Родители все так же пристально наблюдают за мной, поэтому дни я провожу в саду среди клумб из красного дерева, которые построил для меня Трев.
После аварии Мина настояла, что мне нужно хобби, и вручила список. Я выбрала садоводство, лишь бы она только отстала от меня, но ее, как обычно, бросило в крайность. Она заявилась на следующий день, а Трев в своем фургоне притащил пиломатериалы, молоток и гвозди, мешки с почвой, ящики с рассадой и пенопластовые наколенники, чтобы мне не было больно сидеть.
Мне нравится копаться в земле, ухаживать за нежными ростками. Нравится наблюдать, как они оживают, становятся крепче, зацветают, — и понимать, что все это сделано моими руками. Иногда больно опускаться и подниматься, но результат стоит всех усилий. Благодаря мне появляется что-то прекрасное.
Весь день я пропалываю, вытаскиваю камешки и убираю глиняную землю из заброшенных клумб, а после наполняю их новой, обогащенной компостом. К середине недели две клумбы в идеальном состоянии, чтобы подумать о посадке в них растений. Я провожу пальцами по потертому дереву, составляя в голове списки цветов, которые позже прорастут здесь.

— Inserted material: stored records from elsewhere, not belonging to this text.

(* Let $G$ be a finite soluble group whose order is divisible by at least four distinct primes. Then the diameter of $\Gamma(G)$ is at most $3$.
   Context: For a finite group $G$, let $\widetilde{\Gamma}(G)$ be the graph with vertex set $G$ in which two distinct elements $x,y$ are adjacent if and only if $|\langle x,y\rangle|$ is divisible by at least three distinct primes. $\Gamma(G)$ is the subgraph of $\widetilde{\Gamma}(G)$ obtained by deleting its isolated vertices. *)

From mathcomp Require Import all_boot all_fingroup all_solvable.
Set Implicit Arguments. Unset Strict Implicit. Unset Printing Implicit Defensive.
Local Open Scope group_scope.

Definition prime_graph_adj (gT : finGroupType) (x y : gT) : bool :=
  (x != y) && (3 <= size (primes #|<<[set x; y]>>|))%N.

Definition Gamma_vertex (gT : finGroupType) (G : {set gT}) (x : gT) : bool :=
  (x \in G) && [exists z in G, prime_graph_adj x z].

(* Distance between x and y in \widetilde{\Gamma}(G) (equivalently in Gamma(G),
   since intermediate vertices of a path are non-isolated) is at most n. *)
Definition Gamma_dist_le (gT : finGroupType) (G : {set gT}) (n : nat) (x y : gT) : Prop :=
  exists p : seq gT, [/\ all (mem G) p, path (@prime_graph_adj gT) x p,
                          last x p = y & (size p <= n)%N].

Definition Gamma_diam_le (gT : finGroupType) (G : {set gT}) (n : nat) : Prop :=
  forall x y, Gamma_vertex G x -> Gamma_vertex G y -> Gamma_dist_le G n x y.

From mathcomp Require Import all_boot all_fingroup all_solvable ssralg finalg.
Set Implicit Arguments. Unset Strict Implicit. Unset Printing Implicit Defensive.
Import GRing.Theory FiniteModule.
Local Open Scope group_scope.

(* The key input is Lucido's theorem: in a soluble group, among any three
   primes dividing |G| two divide the order of a single element.  In a Hall
   subgroup for the three primes take a minimal normal s-subgroup N, a minimal
   normal w-subgroup M of a Hall subgroup for the other two primes, and an
   element y of the third prime order.  If no element had order divisible by
   two of the primes, M<y> would act on N as a Frobenius group with
   C_N(M) = C_N(y) = 1, and double counting an orbit sum shows that |M|
   annihilates N, so N = 1.
   For the diameter, an element whose order has three prime divisors is
   adjacent to everything.  Otherwise pick primes p | o(x) and q | o(y): an
   element whose order is divisible by two primes other than p and q is adjacent
   to both x and y.  Lucido's theorem, applied to primes avoiding p and q (and
   to {q, r, t} and {p, r, t} when p <> q), yields either such an element or
   elements g1, g2 giving a path x - g1 - g2 - y. *)

Lemma class_eq_rcoset (gT : finGroupType) (M : {group gT}) (d : gT) :
  d \in 'N(M) -> 'C_M[d] = 1 -> d ^: M = M :* d.
Proof.
move=> nMd cMd; apply/eqP; rewrite eqEcard card_rcoset -index_cent1 cMd indexg1.
rewrite leqnn andbT; apply/subsetP => _ /imsetP[m Mm ->]; apply/rcosetP.
exists (m^-1 * m ^ d^-1); first by rewrite groupM ?groupV // memJ_norm ?groupV.
by rewrite conjgE [m ^ _]conjgE invgK !mulgA mulgKV.
Qed.

Section FrobeniusActionOnAbelian.

Variables (gT : finGroupType) (N : {group gT}) (abN : abelian N).
Implicit Types (M X Y : {group gT}) (u : fmod_of abN).

Lemma actr_sum_eq0 X u :
  X \subset 'N(N) -> 'C_N(X) = 1 -> (\sum_(x in X) u ^@ x = 0)%R.
Proof.
move=> nNX cNX; set S := (\sum_(x in X) u ^@ x)%R.
have fixS z : z \in X -> (S ^@ z = S)%R.
  move=> Xz; rewrite /S actr_sum [RHS](reindex_inj (mulIg z)) /=.
  apply: eq_big => [x | x Xx]; first by rewrite groupMr.
  by rewrite actrM ?(subsetP nNX) // groupM.
have: val S \in 'C_N(X).
  rewrite inE fmodP /=; apply/centP => z Xz.
  by rewrite /commute conjgC -fmvalJ ?(subsetP nNX) ?fixS.
by rewrite cNX inE => /eqP S1; apply: val_inj.
Qed.

Lemma actr_sum_class_eq0 M d u :
    M \subset 'N(N) -> d \in 'N(N) -> d \in 'N(M) -> 'C_M[d] = 1 ->
  'C_N(M) = 1 -> (\sum_(m in M) u ^@ (d ^ m) = 0)%R.
Proof.
move=> nNM nNd nMd cMd cNM.
have defdM := class_eq_rcoset nMd cMd.
have injJ : {in M &, injective (conjg d)}.
  by apply/imset_injP; rewrite -[imset _ _]/(d ^: M) defdM card_rcoset.
rewrite -(big_imset _ injJ) -[imset _ _]/(d ^: M) defdM -rcosetE /rcoset.
rewrite big_imset /=; last exact: in2W (mulIg d).
rewrite (eq_bigr (fun m => (u ^@ m) ^@ d)%R) => [|m Mm]; last first.
  by rewrite actrM //; apply: (subsetP nNM).
by rewrite -actr_sum actr_sum_eq0 // act0r.
Qed.

Lemma Frobenius_mulrn_card_eq0 M Y u :
    M \subset 'N(N) -> Y \subset 'N(N) -> Y \subset 'N(M) -> semiregular M Y ->
  'C_N(M) = 1 -> 'C_N(Y) = 1 -> (u *+ #|M| = 0)%R.
Proof.
move=> nNM nNY nMY regMY cNM cNY.
(* For fixed [m] the inner sum is an orbit sum of [Y], for fixed [d != 1] the
   conjugates [d ^ m] run over the coset [M :* d]; only [d = 1] survives. *)
have sum0 : (\sum_(m in M) \sum_(d in Y) u ^@ (d ^ m) = 0)%R.
  apply: big1 => m Mm; have nNm := subsetP nNM m Mm.
  rewrite (eq_bigr (fun d => (u ^@ m^-1 ^@ d) ^@ m)%R) => [|d Yd]; last first.
    by rewrite conjgE !actrM ?groupV ?groupM //; apply: (subsetP nNY).
  by rewrite -actr_sum actr_sum_eq0 // act0r.
have sum_nt0 : (\sum_(d in Y | d != 1%g) \sum_(m in M) u ^@ (d ^ m) = 0)%R.
  apply: big1 => d /andP[Yd ntd]; apply: actr_sum_class_eq0 => //.
  - exact: (subsetP nNY).
  - exact: (subsetP nMY).
  - by apply: regMY; rewrite !inE ntd.
rewrite exchange_big (bigD1 1%g) //= sum_nt0 addr0 in sum0.
by rewrite -sum0 -sumr_const; apply: eq_bigr => m _; rewrite conj1g actr1.
Qed.

Lemma Frobenius_action_trivial M Y :
    M \subset 'N(N) -> Y \subset 'N(N) -> Y \subset 'N(M) -> semiregular M Y ->
  'C_N(M) = 1 -> 'C_N(Y) = 1 -> coprime #|M| #|N| -> N :=: 1.
Proof.
move=> nNM nNY nMY regMY cNM cNY coMN; apply/trivgP/subsetP => x Nx; rewrite inE.
have /(congr1 val) := Frobenius_mulrn_card_eq0 (fmod abN x) nNM nNY nMY regMY cNM cNY.
rewrite fmvalZ fmodK // fmval0 => xM1.
have : #[x] %| gcdn #|M| #|N| by rewrite dvdn_gcd order_dvdn xM1 eqxx order_dvdG.
by rewrite (eqP coMN) dvdn1 order_eq1.
Qed.

End FrobeniusActionOnAbelian.

Lemma semiregular_cycle_prime (gT : finGroupType) (M : {group gT}) (y : gT) :
  prime #[y] -> 'C_M(<[y]>) = 1 -> semiregular M <[y]>.
Proof.
by move=> pr_y cMy d Yd; rewrite -cent_cycle -(nt_gen_prime pr_y Yd).
Qed.

Lemma pHall_primes (gT : finGroupType) (pi : nat_pred) (G H : {group gT}) p :
  pi.-Hall(G) H -> p \in pi -> p \in primes #|G| -> p \in primes #|H|.
Proof.
move=> hallH pi_p pG; rewrite (card_Hall hallH).
by have := pi_of_part pi (cardG_gt0 G) p; rewrite !inE /= pi_p pG => ->.
Qed.

Lemma p_elt_prime_dvd_order (gT : finGroupType) (p : nat) (a : gT) :
  p.-elt a -> a != 1 -> p %| #[a].
Proof. by move=> pa nta; have [] := pgroup_pdiv pa; rewrite ?cycle_eq1. Qed.

Lemma commute_order_dvd_mulg (gT : finGroupType) (a b : gT) (p q : nat) :
    p != q -> p.-elt a -> q.-elt b -> a != 1 -> b != 1 -> commute a b ->
  (p %| #[a * b]) && (q %| #[a * b]).
Proof.
move=> neq_pq pa qb nta ntb cab.
have co_ab : coprime #[a] #[b] by apply: pnat_coprime pa (pi_pnat qb _); rewrite !inE eq_sym.
by rewrite orderM // dvdn_mulr ?dvdn_mull ?p_elt_prime_dvd_order.
Qed.

Section TwoPrimesElement.

Variable gT : finGroupType.
Implicit Types (G H N A B : {group gT}) (pi : seq nat).

(* [pi] contains an edge of the Gruenberg-Kegel prime graph of [G]. *)
Definition two_primes_elt (G : {set gT}) pi :=
  exists g l1 l2,
    [/\ g \in G, l1 \in pi, l2 \in pi, l1 != l2 & (l1 %| #[g]) && (l2 %| #[g])].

Внешние стенки деревянных клумб Мина разрисовала сердечками и знаками бесконечности, добавив, когда уже сидела здесь со мной, свою любимую цитату, а вокруг нее звезды, двух держащихся за руки девочек и улетающие ввысь красные воздушные шары. Отряхиваю грязь с пальцев, чтобы коснуться того, чего касалась она.
— Софи.
Я поднимаю взгляд. На крыльце стоит папа, одетый в свою постоянную голубую рубашку и галстук. Галстук висит криво, и мне так и хочется потянуться и поправить его, но я не могу.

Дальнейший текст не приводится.